Nothing is static. Life is change.  There is life, there is death, there is life again.

When I gaze upon these trees though, I wonder. Was there something in me that may have seemed so innate, once upon a time,  so much a part of who I was that it seemed inconceivable that it could one day be made invisible?

I can more easily name the invasions that would have wiped me out than I can imagine what I looked like ‘before’. One blow, against which I was naturally unprepared and defenseless, but perhaps rallying to survive, followed by another, and suddenly the entire landscape of my life was drastically altered.

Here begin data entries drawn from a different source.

Definition range (f : nat -> nat) : nset := fun n => exists k, f k = n.

Lemma prefix_S {A : Type} (f : nat -> A) k : prefix f (S k) = prefix f k ++ [f k].
Proof. unfold prefix. now rewrite seq_S, map_app. Qed.

Lemma prefix_length {A : Type} (f : nat -> A) k : length (prefix f k) = k.
Proof. unfold prefix. now rewrite length_map, length_seq. Qed.

Lemma map_prefix {A B : Type} (g : A -> B) (f : nat -> A) k :
  map g (prefix f k) = prefix (fun j => g (f j)) k.
Proof. unfold prefix. now rewrite map_map. Qed.

Lemma history_recursion {A : Type} (next : list A -> A) :
  exists f : nat -> A, forall k, f k = next (prefix f k).
Proof.
  set (hist := fix hist k := match k with 0 => [] | S k => hist k ++ [next (hist k)] end).
  assert (Hhist : forall k, hist k = prefix (fun j => next (hist j)) k).
  { induction k as [|k IH]; [reflexivity|]. now rewrite prefix_S, <- IH. }
  exists (fun j => next (hist j)). intro k. now rewrite <- Hhist.
Qed.

(* [run step os] reconstructs a player's own moves from the opponent's moves [os]. *)
Definition run {O M : Type} (step : list M -> O -> M) (os : list O) : list M :=
  fold_left (fun acc o => acc ++ [step acc o]) os [].

Lemma run_snoc {O M : Type} (step : list M -> O -> M) os o :
  run step (os ++ [o]) = run step os ++ [step (run step os) o].
Proof. unfold run. now rewrite fold_left_app. Qed.

Lemma run_prefix {O M : Type} (step : list M -> O -> M) (a : nat -> O) k :
  run step (prefix a k) = prefix (fun j => step (run step (prefix a j)) (a j)) k.
Proof.
  induction k as [|k IH]; [reflexivity|].
  now rewrite !prefix_S, run_snoc, IH.
Qed.

Lemma run_Forall {O M : Type} (step : list M -> O -> M) (P : M -> Prop) :
  (forall acc o, P (step acc o)) -> forall os, Forall P (run step os).
Proof.
  intros H os. induction os as [|o os IH] using rev_ind; [constructor|].
  rewrite run_snoc. apply Forall_app. auto.
Qed.

Section FilterFacts.
Variable F : family.
Hypothesis HF : is_filter F.

Lemma filter_full : F (fun _ => True).
Proof. destruct HF as [_ [_ Hc]]. apply Hc. exists 0. auto. Qed.

Lemma Fplus_mono X Y : Fplus F X -> (forall n, X n -> Y n) -> Fplus F Y.
Proof.
  destruct HF as [_ [Hs _]]. intros HX Hxy HY. apply HX.
  apply (Hs _ _ HY). intros n HnY HXn. exact (HnY (Hxy n HXn)).
Qed.

Lemma not_Fplus_compl X : ~ Fplus F (compl X) -> F X.
Proof.
  destruct HF as [_ [Hs _]]. intro H. apply NNPP in H.
  apply (Hs _ _ H). intros n Hn. now apply NNPP.
Qed.

Lemma filter_meet_Fplus A X L :
  F A -> Fplus F X -> exists n, L <= n /\ A n /\ X n.
Proof.
  destruct HF as [Hi [Hs Hc]]. intros HA HX. apply NNPP. intro Hn. apply HX.
  apply (Hs (fun n => A n /\ L <= n)).
  - apply Hi; [exact HA|]. apply Hc. now exists L.
  - intros n [HAn HLn] HXn. apply Hn. now exists n.
Qed.

End FilterFacts.

Lemma Fplus_full F : proper_filter F -> Fplus F (fun _ => True).
Proof. intros [_ Hinf] H. destruct (Hinf _ H 0) as [n [_ Hn]]. exact (Hn I). Qed.

(* [sigma] is a strategy of I in a game whose positions are lists of [M]-moves;
   the answer [n] of [counter] is recorded in such a position as [enc n]. *)
Section Counter.
Variables (M : Type) (enc : nat -> M) (sigma : list M -> nset) (Opp : family).
Hypothesis sigma_meets : forall p A, Opp A -> exists n, A n /\ sigma p n.

Definition counter_pick (p : list M) (A : nset) : nat :=
  eps 0 (fun n => A n /\ sigma p n).

Lemma counter_pick_spec p A : Opp A -> A (counter_pick p A) /\ sigma p (counter_pick p A).
Proof. intro HA. apply (eps_spec 0 (fun n => A n /\ sigma p n)), sigma_meets, HA. Qed.

Definition counter (hs : list nset) (A : nset) : nat :=
  counter_pick (run (fun p A => enc (counter_pick p A)) hs) A.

I expect most of us have such an experience of life in this place. It seems that life forges us with each happening and we are eternally reconceived in this strange union of who-we-are with what-we-encounter.

Nature. Nurture.

Perhaps we mourn so the loss of yet another expression of life in this place, perhaps we fight so diligently to save it, perhaps it feels so tender to us, because some part of us wants to believe that there is Something eternal. Something unswervingly real. Something innate within us that is timeless and essential and inviolable, that makes us Who we are. We struggle mightily between deep acceptance of the fluidity of life and the yearning for something inviolable.

And perhaps this is an intuition far deeper than simple desire, an ancient soul-wisdom stirred awake in response to a sapling in a cage. That we belong here in this place may be a small part of that awakening, but that we are innately bestowed with value, that we bear an intrinsic and essential gift into this place, is the larger portion.

And when that is restored, it will nourish multitudes.